(* The bound is attained by a density proportional to [Y2] on [A] and on its
   complement, with both factors in [[0, 1]]. *)
Lemma Pset_attained_bound_dominated (Y2 : T -> R) (I : R) :
  measurable_fun setT Y2 -> (forall t, 0 <= Y2 t)%R ->
  \int[P]_t (Y2 t)%:E = I%:E -> (1 < I)%R ->
  Pset_attained_bound P (fun=> 0%R) Y2
    (fun A => mine 1 (\int[P]_(t in A) (Y2 t)%:E)).
Proof.
move=> mY2 Y2_ge0 int_Y2 I_gt1 A mA.
have [iA [iAc [int_A int_Ac iA_iAc iA_ge0 iAc_ge0]]] :=
  integral_fin_setC mY2 Y2_ge0 mA int_Y2.
rewrite int_A; split.
  move=> Q PsetQ; rewrite le_min probability_le1 //= -int_A.
  have /andP[_ //] := Pset_integral_bounds (measurable_cst _) mY2 (fun=> lexx 0%R)
    Y2_ge0 PsetQ mA.
have scaled_bounds (c t : R) : (0 <= c <= 1 -> 0 <= t -> 0 <= c * t <= t)%R.
  by move=> /andP[c0 c1] t0; apply/andP; split; nra.
have [iA_ge1|iA_lt1] := leP 1%R iA.
  have iA_gt0 : (0 < iA)%R by lra.
  have inv_iA01 : (0 <= iA^-1 <= 1)%R by rewrite invr_ge0 invf_le1 // ltW.
  have [|||Q PsetQ QA] := Pset_piecewise_density mY2 Y2_ge0 (b := 0%R)
      (Y1 := fun=> 0%R) (Y2 := Y2) mA (proj1 (andP inv_iA01)) (lexx 0%R) int_A int_Ac.
  - by rewrite mulVf ?gt_eqF // mul0r addr0.
  - by move=> t _; apply: scaled_bounds.
  - by move=> t _; rewrite mul0r lexx Y2_ge0.
  by exists Q; rewrite // QA mulVf ?gt_eqF //; apply/esym/min_idPl; rewrite lee_fin.
have iAc_gt0 : (0 < iAc)%R by lra.
have b01 : (0 <= (1 - iA) / iAc <= 1)%R.
  apply/andP; split; first by apply: divr_ge0; lra.
  by rewrite ler_pdivrMr // mul1r; lra.
have [|||Q PsetQ QA] := Pset_piecewise_density mY2 Y2_ge0 (a := 1%R)
    (Y1 := fun=> 0%R) (Y2 := Y2) mA ler01 (proj1 (andP b01)) int_A int_Ac.
- by rewrite mul1r divfK ?gt_eqF //; lra.
- by move=> t _; rewrite mul1r Y2_ge0 lexx.
- by move=> t _; apply: scaled_bounds.
by exists Q; rewrite // QA mul1r; apply/esym/min_idPr; rewrite lee_fin ltW.
Qed.

Lemma integral_cst_fine (k : R) (B : set T) : measurable B ->
  \int[P]_(t in B) k%:E = (k * fine (P B))%:E.
Proof.
move=> mB; have := integral_cst P mB k%:E; rewrite /cst => ->.
by rewrite EFinM fineK // fin_num_measure.
Qed.
(* Let $H=\Bbbk^G{}^\tau\#_\sigma\Bbbk F$ be as in the context and fix $f\in F$. (1) The map $\Bbbk^{G_f}_{\tau_f}\to H'_f$, $p_g\mapsto p_g\#f$ ($g\in G_f$), is a coalgebra isomorphism onto the subcoalgebra $\mathrm{span}\{p_g\#f\mid g\in G_f\}$ of $H'_f$. (2) If $(V,\rho)$ is a right $\Bbbk^{G_f}_{\tau_f}$-comodule with $\rho(v)=\sum_{g\in G_f}v_g\otimes p_g$, then $V\otimes\Bbbk f$ is a right $H'_f$-comodule via $\rho'(v\otimes f)=\sum_{g\in G_f}v_g\otimes f\otimes p_g\#f$. (3) The cotensor product $\tilde V=(V\otimes\Bbbk f)\Box_{H'_f}H$ is a right $H$-comodule with coaction $\mathrm{id}\otimes\Delta$, and $\tilde V=\bigoplus_{z\in T_f}V\otimes\Bbbk f\otimes z$ as vector spaces, where for $v\in V$, $z\in T_f$ the symbol $v\otimes f\otimes z$ denotes the element $\sum_{g\in G_f}\tau(gz,z^{-1};f)\,v_g\otimes f\otimes p_{gz}\#(z^{-1}\triangleright f)\in\tilde V$ (the map $v\mapsto v\otimes f\otimes z$ being injective and linear). Writing each $x\in G$ uniquely as $x=g_xz_x$ with $g_x\in G_f$, $z_x\in T_f$, the coaction is $$\tilde\rho(v\otimes f\otimes z)=\sum_{x\in G}\tau(z_x^{-1},g_x^{-1};f)^{-1}\tau(z_x^{-1}g_x^{-1}z,z^{-1};f)\;v_{g_x^{-1}}\otimes f\otimes z_x\otimes p_{x^{-1}z}\#(z^{-1}\triangleright f)$$ for all $v\in V$, $z\in T_f$.
   Context: Standing setup: $\Bbbk$ is an algebraically closed field of characteristic $0$, $F$ a group (possibly infinite), $G$ a finite group, and $(F,G,\triangleleft,\triangleright)$ a matched pair: $\triangleright:G\times F\to F$ a left action of $G$ on the set $F$, $\triangleleft:G\times F\to G$ a right action of $F$ on the set $G$, with $g\triangleright(ff')=(g\triangleright f)((g\triangleleft f)\triangleright f')$ and $(gg')\triangleleft f=(g\triangleleft(g'\triangleright f))(g'\triangleleft f)$. Maps $\sigma:G\times F\times F\to\Bbbk^\times$, $(g,f,f')\mapsto\sigma(g;f,f')$, and $\tau:G\times G\times F\to\Bbbk^\times$, $(g,g',f)\mapsto\tau(g,g';f)$, satisfy: $\sigma(g;1_F,f)=\sigma(g;f,1_F)=\sigma(1_G;f,f')=1$; $\sigma(g\triangleleft f;f',f'')\sigma(g;f,f'f'')=\sigma(g;f,f')\sigma(g;ff',f'')$; $\tau(1_G,g;f)=\tau(g,1_G;f)=\tau(g,g';1_F)=1$; $\tau(g,g';g''\triangleright f)\tau(gg',g'';f)=\tau(g,g'g'';f)\tau(g',g'';f)$; and $\sigma(gg';f,f')\tau(g,g';ff')=\sigma(g;g'\triangleright f,(g'\triangleleft f)\triangleright f')\sigma(g';f,f')\tau(g,g';f)\tau(g\triangleleft(g'\triangleright f),g'\triangleleft f;f')$. $H$ has basis $\{p_g\#f\}$, product $(p_g\#f)(p_{g'}\#f')=\delta_{g\triangleleft f,g'}\sigma(g;f,f')p_g\#ff'$, coproduct $\Delta(p_g\#f)=\sum_{x\in G}\tau(gx^{-1},x;f)\,p_{gx^{-1}}\#(x\triangleright f)\otimes p_x\#f$, counit $\varepsilon(p_g\#f)=\delta_{g,1_G}$. Notation: $G_f=\{g\in G\mid g\triangleright f=f\}$; $T_f$ is a complete set of right coset representatives of $G_f$ in $G$ (so $G=\bigsqcup_{z\in T_f}G_fz$) with $1_G\in T_f$. $\Bbbk^{G_f}_{\tau_f}$ is the coalgebra with basis $\{p_g\}_{g\in G_f}$, $\Delta(p_g)=\sum_{x\in G_f}\tau(gx^{-1},x;f)p_{gx^{-1}}\otimes p_x$, $\varepsilon(p_g)=\delta_{g,1_G}$. $H'_f=\Bbbk^{G_f}{}^\tau\#\Bbbk F$ is the coalgebra with basis $\{p_g\#f'\mid g\in G_f,f'\in F\}$, $\Delta(p_g\#f')=\sum_{x\in G_f}\tau(gx^{-1},x;f')p_{gx^{-1}}\#(x\triangleright f')\otimes p_x\#f'$, $\varepsilon(p_g\#f')=\delta_{g,1_G}$; the projection $\pi_f:H\to H'_f$ keeping the terms with $g\in G_f$ is a coalgebra epimorphism, making $H$ a left $H'_f$-comodule via $(\pi_f\otimes\mathrm{id})\Delta$. For a right $C$-comodule $(M,\rho_M)$ and left $C$-comodule $(N,\rho_N)$, $M\Box_CN=\ker(\rho_M\otimes\mathrm{id}-\mathrm{id}\otimes\rho_N)\subseteq M\otimes N$. *)

From HB Require Import structures.
From mathcomp Require Import all_boot all_algebra all_fingroup.
(* Let $R$ be an integral domain with quotient field $K$. Let $B=\bigcup_{0\ne a\in R}R[[t/a]]$, the union taken inside $K((t))$, where $R[[t/a]]=\{\sum_{n\ge0}c_n(t/a)^n : c_n\in R\}$, and let $F=\operatorname{Quot}(B)\subseteq K((t))$. Then $F$ is separably closed in $K((t))$. *)

From HB Require Import structures.
From mathcomp Require Import all_boot all_order all_algebra all_field.
From Stdlib Require Import ClassicalEpsilon FunctionalExtensionality.
Set Implicit Arguments. Unset Strict Implicit. Unset Printing Implicit Defensive.
Import GRing.Theory.
Local Open Scope ring_scope.

Definition pb (P : Prop) : bool :=
  if excluded_middle_informative P then true else false.
Lemma pbP (P : Prop) : reflect P (pb P).
Proof. by rewrite /pb; case: excluded_middle_informative => h; constructor. Qed.

Record pser (K : Type) := PSer { pcoef : nat -> K }.
Coercion pcoef : pser >-> Funclass.

Lemma pserP (K : Type) (f g : pser K) : (forall n, f n = g n) -> f = g.
Proof.
by case: f g => f [g] /= h; congr PSer; apply: functional_extensionality.
Qed.

Section Classical.
Variable K : Type.

Definition pser_eqb (f g : pser K) := pb (f = g).
Lemma pser_eqP : Equality.axiom pser_eqb.
Proof. by move=> f g; apply: pbP. Qed.
HB.instance Definition _ := hasDecEq.Build (pser K) pser_eqP.

Definition pser_find (P : pred (pser K)) (n : nat) : option (pser K) :=
  match excluded_middle_informative (exists x, P x) with
  | left H => Some (proj1_sig (constructive_indefinite_description _ H))
  | right _ => None
  end.
Lemma pser_find_correct P n x : pser_find P n = Some x -> P x.
Proof.
rewrite /pser_find; case: excluded_middle_informative => // H [<-].
exact: proj2_sig (constructive_indefinite_description _ H).
Qed.
Lemma pser_find_complete (P : pred (pser K)) :
  (exists x, P x) -> exists n, pser_find P n.
Proof. by move=> H; exists 0%N; rewrite /pser_find; case: excluded_middle_informative. Qed.
Lemma pser_find_ext (P Q : pred (pser K)) : P =1 Q -> pser_find P =1 pser_find Q.
Proof.
move=> PQ; have -> : P = Q by apply: functional_extensionality.
by [].
Qed.
HB.instance Definition _ := hasChoice.Build (pser K)
  pser_find_correct pser_find_complete pser_find_ext.
End Classical.

Section Zmod.
Variable K : zmodType.
Definition pzero : pser K := PSer (fun _ => 0).
Definition popp (f : pser K) := PSer (fun n => - f n).
Definition padd (f g : pser K) := PSer (fun n => f n + g n).
Lemma paddA : associative padd.
Proof. by move=> f g h; apply: pserP => n /=; rewrite addrA. Qed.
Lemma paddC : commutative padd.
Proof. by move=> f g; apply: pserP => n /=; rewrite addrC. Qed.
Lemma padd0 : left_id pzero padd.
Proof. by move=> f; apply: pserP => n /=; rewrite add0r. Qed.
Lemma paddN : left_inverse pzero popp padd.
Proof. by move=> f; apply: pserP => n /=; rewrite addNr. Qed.
HB.instance Definition _ := GRing.isZmodule.Build (pser K) paddA paddC padd0 paddN.
End Zmod.

Section Ring.
Variable K : comNzRingType.

Definition ptrunc (m : nat) (f : pser K) : {poly K} := \poly_(i < m) f i.
Lemma ptruncE m f j : (j < m)%N -> (ptrunc m f)`_j = f j.
Proof. by move=> hj; rewrite coef_poly hj. Qed.

Definition pmul (f g : pser K) : pser K :=
  PSer (fun n => (ptrunc n.+1 f * ptrunc n.+1 g)`_n).
Definition pone : pser K := PSer (fun n => (n == 0%N)%:R).

Lemma coefM_low (p q p' q' : {poly K}) n :
  (forall j, (j <= n)%N -> p`_j = p'`_j) -> (forall j, (j <= n)%N -> q`_j = q'`_j) ->
  (p * q)`_n = (p' * q')`_n.
Proof.
move=> hp hq; rewrite !coefM; apply: eq_bigr => -[j hj] _ /=.
by rewrite hp ?hq // leq_subr.
Qed.

Lemma pmul_trunc m f g n : (n < m)%N -> (ptrunc m f * ptrunc m g)`_n = pmul f g n.
Proof.
move=> hn; rewrite /pmul /=; apply: coefM_low => j hj.
  by rewrite !ptruncE // (leq_ltn_trans hj).
by rewrite !ptruncE // (leq_ltn_trans hj).
Qed.

Lemma ptrunc_mul m f g j : (j < m)%N ->
  (ptrunc m (pmul f g))`_j = (ptrunc m f * ptrunc m g)`_j.
Proof. by move=> hj; rewrite ptruncE // pmul_trunc. Qed.

Lemma pmulA : associative pmul.
Proof.
move=> f g h; apply: pserP => n.
rewrite -(pmul_trunc _ _ (ltnSn n)) -[RHS](pmul_trunc _ _ (ltnSn n)).
rewrite (@coefM_low _ _ (ptrunc n.+1 f) (ptrunc n.+1 g * ptrunc n.+1 h) n) //; last first.
  by move=> j hj; rewrite ptrunc_mul.
rewrite mulrA; apply: coefM_low => // j hj.
by rewrite ptrunc_mul.
Qed.

Lemma pmulC : commutative pmul.
Proof. by move=> f g; apply: pserP => n; rewrite /pmul /= mulrC. Qed.

Lemma ptrunc_one m : (0 < m)%N -> ptrunc m pone = 1.
Proof.
move=> hm; apply/polyP => j; rewrite coef_poly coef1 /=.
case: j => [|j]; first by rewrite hm.
by case: ifP.
Qed.

Lemma pmul1 : left_id pone pmul.
Proof. by move=> f; apply: pserP => n; rewrite /pmul /= ptrunc_one // mul1r ptruncE. Qed.

Lemma ptrunc_add m f g : ptrunc m (padd f g) = ptrunc m f + ptrunc m g.
Proof. by apply/polyP => j; rewrite coefD !coef_poly; case: ifP; rewrite ?addr0. Qed.

Lemma pmulDl : left_distributive pmul (@padd K).
Proof.
by move=> f g h; apply: pserP => n; rewrite /pmul /= ptrunc_add mulrDl coefD.
Qed.

Lemma pone_neq0 : pone != (pzero K).
Proof.
apply/eqP => /(congr1 (fun f : pser K => f 0%N)) /= /eqP; by rewrite oner_eq0.
Qed.

HB.instance Definition _ :=
  GRing.Zmodule_isComNzRing.Build (pser K) pmulA pmulC pmul1 pmulDl pone_neq0.

Definition punit : {pred pser K} := fun x => pb (exists y, y * x = 1).
Definition pinv (x : pser K) : pser K :=
  match excluded_middle_informative (exists y, y * x = 1) with
  | left H => proj1_sig (constructive_indefinite_description _ H)
  | right _ => x
  end.
Lemma pmulV : {in punit, left_inverse 1 pinv *%R}.
Proof.
move=> x /pbP Hx; rewrite /pinv; case: excluded_middle_informative => [H|/(_ Hx)[]].
exact: proj2_sig (constructive_indefinite_description _ H).
Qed.
Lemma punitPl x y : y * x = 1 -> punit x.
Proof. by move=> h; apply/pbP; exists y. Qed.
Lemma pinv_out : {in [predC punit], pinv =1 id}.
Proof.
move=> x; rewrite inE => /negP hx; rewrite /pinv.
case: excluded_middle_informative => // H; by case: hx; apply/pbP.
Qed.
HB.instance Definition _ :=
  GRing.ComNzRing_hasMulInverse.Build (pser K) pmulV punitPl pinv_out.
End Ring.

Section Idomain.
Variable K : idomainType.

Lemma pser_neq0 (f : pser K) : f != 0 -> exists n, f n != 0.
Proof.
move=> hf; case: (pbP (exists n, f n != 0)) => // H.
case/negP: hf; apply/eqP/pserP => n /=; apply/eqP/negPn/negP => h; apply: H.
by exists n.
Qed.

Lemma pmul_eq0 : GRing.integral_domain_axiom (pser K).
Proof.
move=> f g hfg; apply/norP => -[/pser_neq0 hf /pser_neq0 hg].
case: (ex_minnP hf) => a fa amin; case: (ex_minnP hg) => b gb bmin.
have : pmul f g (a + b)%N = 0 by change (pmul f g = pzero K) in hfg; rewrite hfg.
have hab : (a < (a + b)%N.+1)%N by rewrite ltnS leq_addr.
rewrite -(pmul_trunc _ _ (ltnSn _)) coefM (bigD1 (Ordinal hab)) //= big1.
  rewrite addr0 !ptruncE ?addKn // ?ltnS ?leq_subr ?leq_addl //.
  by move/eqP; rewrite mulf_eq0 (negbTE fa) (negbTE gb).
move=> [j hj] /= hja; change ((a+b)%N.+1) with (a+b).+1%N in hj; rewrite !ptruncE ?ltnS ?leq_subr //.
have [ja|aj] := ltnP j a.
  have -> : f j = 0 by apply/eqP/negPn/negP => /amin; rewrite leqNgt ja.
  by rewrite mul0r.
have {}aj : (a < j)%N by rewrite ltn_neqAle eq_sym aj andbT; exact: hja.
have -> : g (a + b - j)%N = 0.
  apply/eqP/negPn/negP => /bmin; rewrite leqNgt; case/negP.
  have hja' : (j <= a + b)%N by rewrite -ltnS.
  by rewrite ltn_subLR // ltn_add2r.
by rewrite mulr0.
Qed.
HB.instance Definition _ := GRing.ComUnitRing_isIntegral.Build (pser K) pmul_eq0.
End Idomain.

(* R : integral domain, K = Quot(R) = {fraction R}, elements of R embedded   *)
(* in K by r%:F.  K[[t]] = pser K, and K((t)) = Quot(K[[t]]).                *)
Notation "x %:F" := (@FracField.tofrac _ x) : ring_scope.

Definition laurent (K : idomainType) := {fraction (pser K)}.

Definition in_Rta (R : idomainType) (a : R) (f : pser {fraction R}) : Prop :=
  exists c : nat -> R, forall n, f n = (c n)%:F / (a%:F) ^+ n.

Definition in_B (R : idomainType) (f : pser {fraction R}) : Prop :=
  exists a : R, a != 0 /\ in_Rta a f.

Definition in_F (R : idomainType) (x : laurent {fraction R}) : Prop :=
  exists b1 b2 : pser {fraction R},
    [/\ in_B b1, in_B b2, b2 != 0 & x = b1%:F / b2%:F].

Definition separable_over (L : fieldType) (S : L -> Prop) (x : L) : Prop :=
  exists p : {poly L}, [/\ forall i, S p`_i, separable_poly p & root p x].

Definition separably_closed_in (L : fieldType) (S : L -> Prop) : Prop :=
  forall x : L, separable_over S x -> S x.

(* Call f in K[[t]] bounded when d * a^n * f_n lies in R for every n, for
   some nonzero d, a in R.  Bounded series form a subring of K[[t]], and f is
   bounded iff some constant multiple d * f lies in B, so F is also the
   fraction field of the bounded series.  The heart of the proof is an
   integral form of Hensel's lemma [hensel_bounded]: a simple root in K[[t]]
   of a polynomial with bounded coefficients is bounded.  After translating
   and rescaling, the root z satisfies a fixed point equation
   z = sum_j V_j z^j with V_j(0) = 0 for j > 0, which determines the
   coefficients of z recursively; induction on the coefficient index then
   shows that b^n z_n lies in R for a suitable b.  For the theorem, a
   separable element x of K((t)) over F is written x = t^-k y with y in
   K[[t]]; then y is a simple root of a polynomial over F, hence, after
   clearing denominators, of one with bounded coefficients, so y and x lie
   in F. *)

From HB Require Import structures.
From mathcomp Require Import all_boot all_order all_algebra all_field.
From Stdlib Require Import ClassicalEpsilon.
From mathcomp Require Import ring zify.
Set Implicit Arguments. Unset Strict Implicit. Unset Printing Implicit Defensive.
Import GRing.Theory.
Local Open Scope ring_scope.

Section SeriesRing.
Variable K : comNzRingType.
Implicit Types (f g : pser K) (c : K).

Lemma pcoefM f g n : (f * g) n = \sum_(i < n.+1) f i * g (n - i)%N.
Proof.
rewrite /GRing.mul /= /pmul /= coefM; apply: eq_bigr => -[i hi] _ /=.
by rewrite !ptruncE // ltnS ?leq_subr // -ltnS.
Qed.
Lemma pcoefD f g n : (f + g) n = f n + g n. Proof. by []. Qed.
Lemma pcoefN f n : (- f) n = - f n. Proof. by []. Qed.
Lemma pcoefB f g n : (f - g) n = f n - g n. Proof. by []. Qed.
Lemma pcoef0 n : (0 : pser K) n = 0. Proof. by []. Qed.
Lemma pcoef1 n : (1 : pser K) n = (n == 0%N)%:R. Proof. by []. Qed.
Lemma pcoef_sum I (r : seq I) (P : pred I) (F : I -> pser K) n :
  (\sum_(i <- r | P i) F i) n = \sum_(i <- r | P i) F i n.
Proof. by elim/big_rec2: _ => // i y1 y2 _ <-. Qed.

Definition pconst c : pser K := PSer (fun n => if n == 0%N then c else 0).
Lemma pcoefC c n : pconst c n = if n == 0%N then c else 0. Proof. by []. Qed.
Lemma pcoefCM c f n : (pconst c * f) n = c * f n.
Proof.
rewrite pcoefM big_ord_recl /= subn0 big1 ?addr0 // => i _.
by rewrite /= mul0r.
Qed.
Lemma pconst1 : pconst 1 = 1.
Proof. by apply: pserP => n; rewrite pcoefC pcoef1; case: (n == 0%N). Qed.
Lemma pconstM c c' : pconst (c * c') = pconst c * pconst c'.
Proof.
by apply: pserP => n; rewrite pcoefCM !pcoefC; case: (n == 0%N); rewrite ?mulr0.
Qed.
Lemma pconstX c k : pconst (c ^+ k) = pconst c ^+ k.
Proof. by elim: k => [|k IH]; rewrite ?pconst1 // !exprS pconstM IH. Qed.

Definition pX : pser K := PSer (fun n => (n == 1%N)%:R).
Lemma pcoefXnM k f n : (pX ^+ k * f) n = if (n < k)%N then 0 else f (n - k)%N.
Proof.
have pcoefXM g m : (pX * g) m = if m is m'.+1 then g m' else 0.
  case: m => [|m]; first by rewrite pcoefM big_ord1 /= mul0r.
  rewrite pcoefM big_ord_recl /= mul0r add0r big_ord_recl /= mul1r subSS subn0.
  by rewrite big1 ?addr0 // => i _ /=; rewrite mul0r.
elim: k f n => [|k IH] f n; first by rewrite expr0 mul1r subn0.
rewrite exprSr -mulrA IH; case: ltnP => hn; first by rewrite ltnW.
rewrite pcoefXM; have [->|hnk] := eqVneq n k; first by rewrite subnn ltnSn.
have hk : (k < n)%N by rewrite ltn_neqAle eq_sym hnk hn.
by rewrite ltnNge hk /= -(subnSK hk).
Qed.
Lemma pXn_neq0 k : pX ^+ k != 0.
Proof.
apply/eqP => /(congr1 (fun f : pser K => (f * 1) k)).
by rewrite pcoefXnM ltnn subnn mul0r pcoef1 pcoef0 eqxx => /eqP; rewrite oner_eq0.
Qed.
===
§ Task instructions
Please restate the records word for word. Go from the first line to the line with "have inv_iA01 : (0" and include both.

§ Reply to the task
(* The bound is attained by a density proportional to [Y2] on [A] and on its
   complement, with both factors in [[0, 1]]. *)
Lemma Pset_attained_bound_dominated (Y2 : T -> R) (I : R) :
  measurable_fun setT Y2 -> (forall t, 0 <= Y2 t)%R ->
  \int[P]_t (Y2 t)%:E = I%:E -> (1 < I)%R ->
  Pset_attained_bound P (fun=> 0%R) Y2
    (fun A => mine 1 (\int[P]_(t in A) (Y2 t)%:E)).
Proof.
move=> mY2 Y2_ge0 int_Y2 I_gt1 A mA.
have [iA [iAc [int_A int_Ac iA_iAc iA_ge0 iAc_ge0]]] :=
  integral_fin_setC mY2 Y2_ge0 mA int_Y2.
rewrite int_A; split.
  move=> Q PsetQ; rewrite le_min probability_le1 //= -int_A.
  have /andP[_ //] := Pset_integral_bounds (measurable_cst _) mY2 (fun=> lexx 0%R)
    Y2_ge0 PsetQ mA.
have scaled_bounds (c t : R) : (0 <= c <= 1 -> 0 <= t -> 0 <= c * t <= t)%R.
  by move=> /andP[c0 c1] t0; apply/andP; split; nra.
have [iA_ge1|iA_lt1] := leP 1%R iA.
  have iA_gt0 : (0 < iA)%R by lra.
  have inv_iA01 : (0 <= iA^-1 <= 1)%R by rewrite invr_ge0 invf_le1 // ltW.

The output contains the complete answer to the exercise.